Below are some entries. Repeat exactly the lines from the one with "(forall k, (k <" through the one with "forallb (fun j", and only those.

Records from a data collection:
+-------+
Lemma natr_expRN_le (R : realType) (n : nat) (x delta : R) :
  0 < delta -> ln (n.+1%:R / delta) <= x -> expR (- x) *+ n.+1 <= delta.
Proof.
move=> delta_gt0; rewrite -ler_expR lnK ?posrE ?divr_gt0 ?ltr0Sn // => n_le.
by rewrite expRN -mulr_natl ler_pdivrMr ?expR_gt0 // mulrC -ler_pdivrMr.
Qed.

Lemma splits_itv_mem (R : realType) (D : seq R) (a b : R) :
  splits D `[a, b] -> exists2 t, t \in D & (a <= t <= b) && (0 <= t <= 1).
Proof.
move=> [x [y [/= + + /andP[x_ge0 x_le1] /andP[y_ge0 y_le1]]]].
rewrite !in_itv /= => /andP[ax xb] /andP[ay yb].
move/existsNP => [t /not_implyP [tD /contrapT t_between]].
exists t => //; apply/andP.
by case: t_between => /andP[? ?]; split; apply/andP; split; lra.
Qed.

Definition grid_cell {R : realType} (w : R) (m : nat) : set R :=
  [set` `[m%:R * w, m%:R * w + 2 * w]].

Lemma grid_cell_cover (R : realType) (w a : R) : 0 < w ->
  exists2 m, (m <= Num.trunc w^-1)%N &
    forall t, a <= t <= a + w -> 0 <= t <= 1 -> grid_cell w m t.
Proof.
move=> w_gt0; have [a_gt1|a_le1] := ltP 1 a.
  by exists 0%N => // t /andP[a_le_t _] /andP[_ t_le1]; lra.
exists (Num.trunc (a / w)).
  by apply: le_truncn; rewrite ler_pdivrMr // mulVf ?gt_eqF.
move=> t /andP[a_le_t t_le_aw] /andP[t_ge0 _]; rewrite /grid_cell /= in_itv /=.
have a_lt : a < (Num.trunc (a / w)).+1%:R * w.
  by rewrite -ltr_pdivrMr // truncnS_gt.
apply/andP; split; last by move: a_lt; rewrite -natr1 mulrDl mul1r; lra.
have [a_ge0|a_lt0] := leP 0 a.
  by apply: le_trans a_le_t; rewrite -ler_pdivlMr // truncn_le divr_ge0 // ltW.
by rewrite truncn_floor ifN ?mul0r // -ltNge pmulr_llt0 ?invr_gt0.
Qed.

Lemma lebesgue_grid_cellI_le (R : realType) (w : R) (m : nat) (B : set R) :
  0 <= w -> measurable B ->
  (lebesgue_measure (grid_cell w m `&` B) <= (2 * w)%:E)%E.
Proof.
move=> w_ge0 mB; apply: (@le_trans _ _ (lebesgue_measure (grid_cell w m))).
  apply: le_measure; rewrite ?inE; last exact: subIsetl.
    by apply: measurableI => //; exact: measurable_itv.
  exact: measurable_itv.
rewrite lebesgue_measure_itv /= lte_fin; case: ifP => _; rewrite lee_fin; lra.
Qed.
+-------+
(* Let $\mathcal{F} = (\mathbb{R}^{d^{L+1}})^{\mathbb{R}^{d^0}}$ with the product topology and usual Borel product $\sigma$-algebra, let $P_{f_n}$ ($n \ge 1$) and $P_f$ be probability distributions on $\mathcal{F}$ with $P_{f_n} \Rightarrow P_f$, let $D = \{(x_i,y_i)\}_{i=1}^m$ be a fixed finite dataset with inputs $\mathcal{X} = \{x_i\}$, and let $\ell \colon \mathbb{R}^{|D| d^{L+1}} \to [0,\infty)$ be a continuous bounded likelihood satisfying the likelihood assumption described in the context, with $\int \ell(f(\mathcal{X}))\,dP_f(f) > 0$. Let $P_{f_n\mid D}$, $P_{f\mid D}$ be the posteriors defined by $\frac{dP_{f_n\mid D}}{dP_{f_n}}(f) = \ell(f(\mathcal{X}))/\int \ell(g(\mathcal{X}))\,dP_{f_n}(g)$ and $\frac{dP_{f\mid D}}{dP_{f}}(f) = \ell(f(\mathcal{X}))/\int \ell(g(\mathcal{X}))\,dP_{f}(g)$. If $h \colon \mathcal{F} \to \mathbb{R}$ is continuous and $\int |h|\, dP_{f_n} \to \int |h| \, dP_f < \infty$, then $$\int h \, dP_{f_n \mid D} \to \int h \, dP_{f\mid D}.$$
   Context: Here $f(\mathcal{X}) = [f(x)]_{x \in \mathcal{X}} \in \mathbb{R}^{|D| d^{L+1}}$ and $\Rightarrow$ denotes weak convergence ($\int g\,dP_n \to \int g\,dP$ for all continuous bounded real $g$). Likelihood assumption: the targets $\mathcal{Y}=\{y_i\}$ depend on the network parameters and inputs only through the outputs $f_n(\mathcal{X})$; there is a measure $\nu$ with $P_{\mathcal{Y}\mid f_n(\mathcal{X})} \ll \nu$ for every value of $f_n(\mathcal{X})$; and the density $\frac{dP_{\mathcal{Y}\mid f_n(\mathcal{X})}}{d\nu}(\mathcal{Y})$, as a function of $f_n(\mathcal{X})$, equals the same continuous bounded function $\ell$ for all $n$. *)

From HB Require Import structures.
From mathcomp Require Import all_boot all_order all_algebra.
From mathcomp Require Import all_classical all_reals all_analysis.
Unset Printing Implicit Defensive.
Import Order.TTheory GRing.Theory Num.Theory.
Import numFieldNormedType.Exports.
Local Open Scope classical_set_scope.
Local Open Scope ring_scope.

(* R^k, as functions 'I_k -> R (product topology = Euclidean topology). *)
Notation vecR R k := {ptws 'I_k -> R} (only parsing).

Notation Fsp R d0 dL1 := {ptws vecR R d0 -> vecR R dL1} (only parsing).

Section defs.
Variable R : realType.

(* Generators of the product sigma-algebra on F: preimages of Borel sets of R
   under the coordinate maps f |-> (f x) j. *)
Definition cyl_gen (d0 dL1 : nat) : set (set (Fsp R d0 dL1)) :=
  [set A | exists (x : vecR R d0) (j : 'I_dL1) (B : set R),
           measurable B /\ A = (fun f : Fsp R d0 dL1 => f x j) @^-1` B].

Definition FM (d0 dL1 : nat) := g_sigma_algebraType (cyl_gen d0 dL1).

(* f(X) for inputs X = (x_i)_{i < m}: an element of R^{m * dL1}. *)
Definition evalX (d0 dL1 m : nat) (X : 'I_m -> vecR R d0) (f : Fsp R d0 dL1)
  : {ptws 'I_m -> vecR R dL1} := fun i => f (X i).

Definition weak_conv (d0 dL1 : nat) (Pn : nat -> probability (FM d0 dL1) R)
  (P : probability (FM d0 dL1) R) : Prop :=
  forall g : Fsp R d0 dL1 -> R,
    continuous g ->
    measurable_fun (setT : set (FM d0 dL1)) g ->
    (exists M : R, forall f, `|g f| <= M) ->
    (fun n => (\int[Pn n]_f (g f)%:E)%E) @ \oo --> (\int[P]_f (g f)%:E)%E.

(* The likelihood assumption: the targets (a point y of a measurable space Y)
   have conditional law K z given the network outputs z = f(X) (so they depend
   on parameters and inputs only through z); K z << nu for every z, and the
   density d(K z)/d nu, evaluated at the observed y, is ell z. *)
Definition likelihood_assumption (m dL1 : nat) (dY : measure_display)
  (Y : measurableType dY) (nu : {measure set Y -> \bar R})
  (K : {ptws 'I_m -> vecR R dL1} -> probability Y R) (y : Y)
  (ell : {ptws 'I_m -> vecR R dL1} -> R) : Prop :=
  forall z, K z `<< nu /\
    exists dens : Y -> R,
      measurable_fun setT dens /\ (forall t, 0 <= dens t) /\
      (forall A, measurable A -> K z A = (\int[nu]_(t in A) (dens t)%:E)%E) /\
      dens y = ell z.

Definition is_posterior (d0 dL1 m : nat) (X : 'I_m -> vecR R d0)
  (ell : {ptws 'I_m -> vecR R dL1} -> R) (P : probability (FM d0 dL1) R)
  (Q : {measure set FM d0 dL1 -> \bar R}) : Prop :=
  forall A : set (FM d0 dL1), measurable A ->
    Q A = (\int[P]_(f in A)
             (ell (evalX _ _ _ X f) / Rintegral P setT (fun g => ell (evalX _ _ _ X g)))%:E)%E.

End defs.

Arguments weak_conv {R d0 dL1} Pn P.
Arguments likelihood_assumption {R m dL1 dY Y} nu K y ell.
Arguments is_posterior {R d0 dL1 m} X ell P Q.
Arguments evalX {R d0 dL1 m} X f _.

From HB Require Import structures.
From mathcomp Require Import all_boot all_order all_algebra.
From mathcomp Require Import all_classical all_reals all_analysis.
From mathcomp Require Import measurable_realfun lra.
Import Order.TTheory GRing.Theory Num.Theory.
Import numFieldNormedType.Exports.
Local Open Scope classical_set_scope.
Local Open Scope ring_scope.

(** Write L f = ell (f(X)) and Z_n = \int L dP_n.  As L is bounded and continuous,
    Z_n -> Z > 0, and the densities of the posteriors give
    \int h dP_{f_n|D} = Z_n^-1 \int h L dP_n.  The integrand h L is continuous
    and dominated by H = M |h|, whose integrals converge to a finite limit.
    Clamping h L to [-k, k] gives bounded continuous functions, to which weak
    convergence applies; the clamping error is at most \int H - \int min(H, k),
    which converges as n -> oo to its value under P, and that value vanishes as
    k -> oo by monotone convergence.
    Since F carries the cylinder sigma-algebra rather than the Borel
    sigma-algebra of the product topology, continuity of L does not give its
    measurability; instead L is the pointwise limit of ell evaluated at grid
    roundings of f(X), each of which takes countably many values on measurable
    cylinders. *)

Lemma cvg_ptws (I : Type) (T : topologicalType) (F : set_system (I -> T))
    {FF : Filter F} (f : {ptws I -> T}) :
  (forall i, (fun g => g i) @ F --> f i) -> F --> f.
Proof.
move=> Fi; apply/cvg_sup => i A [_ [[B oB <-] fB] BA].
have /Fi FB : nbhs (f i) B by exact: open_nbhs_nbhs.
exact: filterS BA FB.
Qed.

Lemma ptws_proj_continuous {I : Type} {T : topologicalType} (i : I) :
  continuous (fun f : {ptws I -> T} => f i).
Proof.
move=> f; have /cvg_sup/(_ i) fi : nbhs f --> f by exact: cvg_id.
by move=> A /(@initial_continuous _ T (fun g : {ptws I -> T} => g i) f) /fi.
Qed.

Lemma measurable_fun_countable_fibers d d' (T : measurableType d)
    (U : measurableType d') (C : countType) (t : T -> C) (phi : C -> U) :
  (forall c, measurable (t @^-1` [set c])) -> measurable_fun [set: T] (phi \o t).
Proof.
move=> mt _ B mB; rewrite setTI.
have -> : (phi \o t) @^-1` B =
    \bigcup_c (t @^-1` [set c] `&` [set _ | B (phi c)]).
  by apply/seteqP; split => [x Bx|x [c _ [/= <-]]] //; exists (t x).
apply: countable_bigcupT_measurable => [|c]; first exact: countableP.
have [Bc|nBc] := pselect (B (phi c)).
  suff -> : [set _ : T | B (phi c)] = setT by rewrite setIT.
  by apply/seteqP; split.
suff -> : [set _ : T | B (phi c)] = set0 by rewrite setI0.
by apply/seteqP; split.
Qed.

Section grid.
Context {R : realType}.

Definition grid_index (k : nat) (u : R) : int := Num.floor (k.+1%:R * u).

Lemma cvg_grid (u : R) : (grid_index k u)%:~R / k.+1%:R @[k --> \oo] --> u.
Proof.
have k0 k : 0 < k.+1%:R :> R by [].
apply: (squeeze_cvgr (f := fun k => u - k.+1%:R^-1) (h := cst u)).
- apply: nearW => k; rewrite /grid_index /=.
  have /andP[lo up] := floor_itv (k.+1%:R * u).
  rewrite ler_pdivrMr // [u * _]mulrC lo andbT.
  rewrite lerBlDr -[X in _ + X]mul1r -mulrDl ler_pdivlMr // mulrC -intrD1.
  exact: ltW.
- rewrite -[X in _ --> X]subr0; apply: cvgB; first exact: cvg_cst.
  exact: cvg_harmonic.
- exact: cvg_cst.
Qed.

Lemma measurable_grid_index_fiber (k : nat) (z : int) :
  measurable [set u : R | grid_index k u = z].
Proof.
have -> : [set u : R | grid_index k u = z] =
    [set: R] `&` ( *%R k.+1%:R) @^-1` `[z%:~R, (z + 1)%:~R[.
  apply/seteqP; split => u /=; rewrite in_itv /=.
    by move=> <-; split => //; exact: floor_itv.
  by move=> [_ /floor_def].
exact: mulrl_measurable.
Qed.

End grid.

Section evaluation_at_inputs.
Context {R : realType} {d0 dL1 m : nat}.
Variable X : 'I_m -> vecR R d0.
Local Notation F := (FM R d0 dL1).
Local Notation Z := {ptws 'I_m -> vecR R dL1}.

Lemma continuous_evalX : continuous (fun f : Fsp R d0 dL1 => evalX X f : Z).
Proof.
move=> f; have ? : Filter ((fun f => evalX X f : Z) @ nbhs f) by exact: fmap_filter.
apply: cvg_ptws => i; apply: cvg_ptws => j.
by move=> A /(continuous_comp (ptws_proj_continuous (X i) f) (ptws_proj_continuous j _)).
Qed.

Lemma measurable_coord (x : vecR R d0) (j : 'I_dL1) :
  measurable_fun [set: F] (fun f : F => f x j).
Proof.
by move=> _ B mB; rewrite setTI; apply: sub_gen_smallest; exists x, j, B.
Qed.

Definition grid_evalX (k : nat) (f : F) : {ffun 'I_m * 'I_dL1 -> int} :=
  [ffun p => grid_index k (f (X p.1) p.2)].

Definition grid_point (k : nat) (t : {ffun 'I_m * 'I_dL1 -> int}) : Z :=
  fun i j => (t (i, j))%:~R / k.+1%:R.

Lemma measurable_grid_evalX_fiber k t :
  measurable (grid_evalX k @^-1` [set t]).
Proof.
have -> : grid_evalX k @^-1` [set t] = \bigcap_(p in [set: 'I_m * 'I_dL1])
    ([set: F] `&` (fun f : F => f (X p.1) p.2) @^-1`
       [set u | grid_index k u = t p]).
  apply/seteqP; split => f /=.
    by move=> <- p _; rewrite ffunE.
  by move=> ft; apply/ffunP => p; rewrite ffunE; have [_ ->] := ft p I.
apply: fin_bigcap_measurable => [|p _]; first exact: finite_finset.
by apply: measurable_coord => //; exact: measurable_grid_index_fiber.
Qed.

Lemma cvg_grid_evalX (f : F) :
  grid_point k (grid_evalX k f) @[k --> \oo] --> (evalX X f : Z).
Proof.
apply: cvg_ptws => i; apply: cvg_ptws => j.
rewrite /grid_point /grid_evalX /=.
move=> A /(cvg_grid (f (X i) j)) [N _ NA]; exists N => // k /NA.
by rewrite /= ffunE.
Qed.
+-------+
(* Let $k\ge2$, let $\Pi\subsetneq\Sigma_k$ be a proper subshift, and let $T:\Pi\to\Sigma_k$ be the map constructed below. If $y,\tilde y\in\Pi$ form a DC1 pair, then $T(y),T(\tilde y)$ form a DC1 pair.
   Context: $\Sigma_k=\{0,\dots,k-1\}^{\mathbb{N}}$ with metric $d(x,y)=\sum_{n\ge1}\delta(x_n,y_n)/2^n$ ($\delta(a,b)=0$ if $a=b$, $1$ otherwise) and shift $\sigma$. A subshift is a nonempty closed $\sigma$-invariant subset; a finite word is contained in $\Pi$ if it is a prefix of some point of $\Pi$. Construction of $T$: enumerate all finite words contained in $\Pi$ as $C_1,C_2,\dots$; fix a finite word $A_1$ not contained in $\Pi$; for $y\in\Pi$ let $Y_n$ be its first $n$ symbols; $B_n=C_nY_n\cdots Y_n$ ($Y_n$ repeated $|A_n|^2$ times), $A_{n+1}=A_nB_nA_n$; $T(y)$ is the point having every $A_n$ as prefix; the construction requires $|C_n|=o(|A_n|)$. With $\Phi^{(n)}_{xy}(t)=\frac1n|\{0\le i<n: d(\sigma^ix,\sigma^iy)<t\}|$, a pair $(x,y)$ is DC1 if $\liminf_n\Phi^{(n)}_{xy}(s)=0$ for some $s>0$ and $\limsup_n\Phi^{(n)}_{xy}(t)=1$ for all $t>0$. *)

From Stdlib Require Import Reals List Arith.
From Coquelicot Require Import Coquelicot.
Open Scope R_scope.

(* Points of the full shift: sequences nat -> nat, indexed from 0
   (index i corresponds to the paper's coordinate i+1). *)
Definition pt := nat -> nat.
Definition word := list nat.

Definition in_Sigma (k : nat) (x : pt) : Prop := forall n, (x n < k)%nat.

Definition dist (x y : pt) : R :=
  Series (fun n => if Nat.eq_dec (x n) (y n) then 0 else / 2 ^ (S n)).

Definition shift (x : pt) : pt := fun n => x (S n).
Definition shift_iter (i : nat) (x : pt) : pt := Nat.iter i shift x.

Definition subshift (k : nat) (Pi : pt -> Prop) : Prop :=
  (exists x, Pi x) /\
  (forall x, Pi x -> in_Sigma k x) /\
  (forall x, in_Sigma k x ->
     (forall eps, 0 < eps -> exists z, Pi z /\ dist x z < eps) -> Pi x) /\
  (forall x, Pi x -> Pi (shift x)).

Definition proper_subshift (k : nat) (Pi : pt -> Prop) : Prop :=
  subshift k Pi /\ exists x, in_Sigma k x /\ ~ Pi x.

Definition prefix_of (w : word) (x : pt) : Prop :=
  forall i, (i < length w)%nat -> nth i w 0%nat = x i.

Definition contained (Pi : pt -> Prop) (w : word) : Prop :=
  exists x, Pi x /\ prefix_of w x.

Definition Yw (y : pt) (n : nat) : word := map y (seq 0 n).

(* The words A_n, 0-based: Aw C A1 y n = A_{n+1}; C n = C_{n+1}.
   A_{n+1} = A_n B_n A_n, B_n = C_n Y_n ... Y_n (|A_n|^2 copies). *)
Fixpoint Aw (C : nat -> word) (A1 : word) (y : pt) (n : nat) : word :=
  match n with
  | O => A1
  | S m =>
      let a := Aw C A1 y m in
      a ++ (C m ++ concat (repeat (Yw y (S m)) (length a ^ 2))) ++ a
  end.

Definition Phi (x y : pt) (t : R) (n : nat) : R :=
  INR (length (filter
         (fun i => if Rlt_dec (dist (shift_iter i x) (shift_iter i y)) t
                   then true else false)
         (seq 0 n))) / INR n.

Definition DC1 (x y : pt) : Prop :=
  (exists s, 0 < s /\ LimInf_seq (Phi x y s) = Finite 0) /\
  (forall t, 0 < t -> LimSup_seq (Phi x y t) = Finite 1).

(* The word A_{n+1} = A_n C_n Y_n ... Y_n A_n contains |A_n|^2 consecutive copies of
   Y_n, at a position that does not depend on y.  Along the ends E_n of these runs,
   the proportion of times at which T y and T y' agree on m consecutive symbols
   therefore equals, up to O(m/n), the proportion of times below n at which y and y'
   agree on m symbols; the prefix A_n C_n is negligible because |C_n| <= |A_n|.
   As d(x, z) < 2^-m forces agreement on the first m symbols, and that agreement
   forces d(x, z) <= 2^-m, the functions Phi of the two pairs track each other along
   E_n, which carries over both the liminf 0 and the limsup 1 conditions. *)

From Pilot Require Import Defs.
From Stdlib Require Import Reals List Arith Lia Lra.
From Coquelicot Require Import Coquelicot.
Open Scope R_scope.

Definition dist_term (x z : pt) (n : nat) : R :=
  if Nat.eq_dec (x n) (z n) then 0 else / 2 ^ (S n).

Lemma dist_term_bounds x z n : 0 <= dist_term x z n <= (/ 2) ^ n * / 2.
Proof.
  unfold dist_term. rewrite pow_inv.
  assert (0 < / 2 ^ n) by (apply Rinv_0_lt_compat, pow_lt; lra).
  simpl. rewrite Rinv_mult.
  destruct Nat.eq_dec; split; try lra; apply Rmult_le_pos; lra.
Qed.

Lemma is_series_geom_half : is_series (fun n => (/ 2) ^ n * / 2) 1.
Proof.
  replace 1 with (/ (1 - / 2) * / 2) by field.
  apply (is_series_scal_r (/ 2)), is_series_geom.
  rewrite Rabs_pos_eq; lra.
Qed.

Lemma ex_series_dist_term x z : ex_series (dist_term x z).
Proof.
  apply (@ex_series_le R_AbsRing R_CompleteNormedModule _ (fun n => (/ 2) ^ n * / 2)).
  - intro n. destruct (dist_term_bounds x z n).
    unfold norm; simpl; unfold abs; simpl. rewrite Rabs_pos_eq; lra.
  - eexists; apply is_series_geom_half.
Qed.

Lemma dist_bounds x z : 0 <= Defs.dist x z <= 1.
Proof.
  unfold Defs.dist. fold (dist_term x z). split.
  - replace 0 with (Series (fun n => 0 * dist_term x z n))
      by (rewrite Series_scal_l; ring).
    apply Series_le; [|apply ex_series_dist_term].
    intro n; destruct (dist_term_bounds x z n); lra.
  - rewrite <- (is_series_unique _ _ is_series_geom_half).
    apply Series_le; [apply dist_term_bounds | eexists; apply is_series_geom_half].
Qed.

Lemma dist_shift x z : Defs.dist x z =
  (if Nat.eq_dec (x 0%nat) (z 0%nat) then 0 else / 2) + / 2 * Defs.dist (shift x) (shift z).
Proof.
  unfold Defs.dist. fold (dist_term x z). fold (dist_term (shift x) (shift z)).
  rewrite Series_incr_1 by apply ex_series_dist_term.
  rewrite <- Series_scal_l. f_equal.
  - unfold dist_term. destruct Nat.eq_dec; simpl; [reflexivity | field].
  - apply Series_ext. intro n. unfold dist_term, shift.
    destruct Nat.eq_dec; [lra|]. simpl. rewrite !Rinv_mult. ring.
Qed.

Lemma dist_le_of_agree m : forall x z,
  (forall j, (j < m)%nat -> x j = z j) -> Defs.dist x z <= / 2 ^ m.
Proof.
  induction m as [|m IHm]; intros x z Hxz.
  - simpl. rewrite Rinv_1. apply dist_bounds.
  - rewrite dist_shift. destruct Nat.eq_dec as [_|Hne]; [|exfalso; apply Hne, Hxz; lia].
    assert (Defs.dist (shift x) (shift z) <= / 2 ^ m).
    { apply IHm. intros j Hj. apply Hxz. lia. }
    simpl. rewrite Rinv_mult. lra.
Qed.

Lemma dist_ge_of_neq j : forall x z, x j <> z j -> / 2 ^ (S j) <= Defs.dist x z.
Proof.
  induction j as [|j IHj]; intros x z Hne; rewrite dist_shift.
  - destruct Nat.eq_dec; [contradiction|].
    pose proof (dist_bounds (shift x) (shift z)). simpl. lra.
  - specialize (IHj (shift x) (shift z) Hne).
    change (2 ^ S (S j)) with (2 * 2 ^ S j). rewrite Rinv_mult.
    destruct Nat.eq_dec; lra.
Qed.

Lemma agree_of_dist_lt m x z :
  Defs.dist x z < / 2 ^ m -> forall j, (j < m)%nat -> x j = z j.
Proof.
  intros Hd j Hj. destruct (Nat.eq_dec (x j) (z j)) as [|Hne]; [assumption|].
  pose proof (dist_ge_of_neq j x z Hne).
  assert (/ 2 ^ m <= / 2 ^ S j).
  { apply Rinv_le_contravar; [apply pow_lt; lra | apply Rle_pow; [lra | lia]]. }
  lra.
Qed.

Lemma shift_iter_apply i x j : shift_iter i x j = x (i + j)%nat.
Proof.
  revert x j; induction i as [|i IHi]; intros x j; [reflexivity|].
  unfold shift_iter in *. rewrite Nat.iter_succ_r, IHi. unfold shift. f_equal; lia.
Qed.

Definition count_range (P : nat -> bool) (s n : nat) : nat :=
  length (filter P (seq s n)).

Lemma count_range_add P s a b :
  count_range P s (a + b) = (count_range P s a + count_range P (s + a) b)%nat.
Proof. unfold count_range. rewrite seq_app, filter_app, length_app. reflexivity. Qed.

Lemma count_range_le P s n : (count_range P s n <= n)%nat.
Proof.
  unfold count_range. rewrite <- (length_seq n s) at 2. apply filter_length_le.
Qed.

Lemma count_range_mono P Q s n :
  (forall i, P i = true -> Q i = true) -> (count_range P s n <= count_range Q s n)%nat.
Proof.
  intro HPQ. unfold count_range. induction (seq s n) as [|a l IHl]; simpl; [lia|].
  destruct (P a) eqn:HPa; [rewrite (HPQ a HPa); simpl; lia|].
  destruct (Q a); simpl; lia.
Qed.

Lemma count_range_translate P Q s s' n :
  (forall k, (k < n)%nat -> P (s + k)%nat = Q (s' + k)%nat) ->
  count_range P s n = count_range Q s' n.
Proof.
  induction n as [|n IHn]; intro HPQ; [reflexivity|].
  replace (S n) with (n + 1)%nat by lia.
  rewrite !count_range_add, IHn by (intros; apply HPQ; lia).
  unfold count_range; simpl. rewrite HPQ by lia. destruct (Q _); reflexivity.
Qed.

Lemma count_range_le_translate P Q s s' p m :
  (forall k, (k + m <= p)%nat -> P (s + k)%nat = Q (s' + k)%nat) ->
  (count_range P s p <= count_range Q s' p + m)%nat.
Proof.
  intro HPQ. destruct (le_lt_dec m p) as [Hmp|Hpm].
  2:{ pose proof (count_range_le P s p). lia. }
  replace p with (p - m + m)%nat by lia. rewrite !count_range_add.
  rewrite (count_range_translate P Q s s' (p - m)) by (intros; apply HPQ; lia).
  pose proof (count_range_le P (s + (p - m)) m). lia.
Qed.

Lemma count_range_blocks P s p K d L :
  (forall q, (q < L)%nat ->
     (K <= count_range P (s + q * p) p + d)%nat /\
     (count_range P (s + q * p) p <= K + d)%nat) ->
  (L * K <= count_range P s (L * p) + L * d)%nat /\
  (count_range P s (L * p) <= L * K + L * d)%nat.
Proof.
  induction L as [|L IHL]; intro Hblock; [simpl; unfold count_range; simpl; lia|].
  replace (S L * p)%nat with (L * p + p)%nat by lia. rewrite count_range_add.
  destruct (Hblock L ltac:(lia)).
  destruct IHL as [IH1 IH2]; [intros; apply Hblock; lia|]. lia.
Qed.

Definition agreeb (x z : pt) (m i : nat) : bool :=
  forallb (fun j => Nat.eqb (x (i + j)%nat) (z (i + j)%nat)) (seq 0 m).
+-------+
> _Task answer_
  (forall k, (k < n)%nat -> P (s + k)%nat = Q (s' + k)%nat) ->
  count_range P s n = count_range Q s' n.
Proof.
  induction n as [|n IHn]; intro HPQ; [reflexivity|].
  replace (S n) with (n + 1)%nat by lia.
  rewrite !count_range_add, IHn by (intros; apply HPQ; lia).
  unfold count_range; simpl. rewrite HPQ by lia. destruct (Q _); reflexivity.
Qed.

Lemma count_range_le_translate P Q s s' p m :
  (forall k, (k + m <= p)%nat -> P (s + k)%nat = Q (s' + k)%nat) ->
  (count_range P s p <= count_range Q s' p + m)%nat.
Proof.
  intro HPQ. destruct (le_lt_dec m p) as [Hmp|Hpm].
  2:{ pose proof (count_range_le P s p). lia. }
  replace p with (p - m + m)%nat by lia. rewrite !count_range_add.
  rewrite (count_range_translate P Q s s' (p - m)) by (intros; apply HPQ; lia).
  pose proof (count_range_le P (s + (p - m)) m). lia.
Qed.

Lemma count_range_blocks P s p K d L :
  (forall q, (q < L)%nat ->
     (K <= count_range P (s + q * p) p + d)%nat /\
     (count_range P (s + q * p) p <= K + d)%nat) ->
  (L * K <= count_range P s (L * p) + L * d)%nat /\
  (count_range P s (L * p) <= L * K + L * d)%nat.
Proof.
  induction L as [|L IHL]; intro Hblock; [simpl; unfold count_range; simpl; lia|].
  replace (S L * p)%nat with (L * p + p)%nat by lia. rewrite count_range_add.
  destruct (Hblock L ltac:(lia)).
  destruct IHL as [IH1 IH2]; [intros; apply Hblock; lia|]. lia.
Qed.

Definition agreeb (x z : pt) (m i : nat) : bool :=
  forallb (fun j => Nat.eqb (x (i + j)%nat) (z (i + j)%nat)) (seq 0 m).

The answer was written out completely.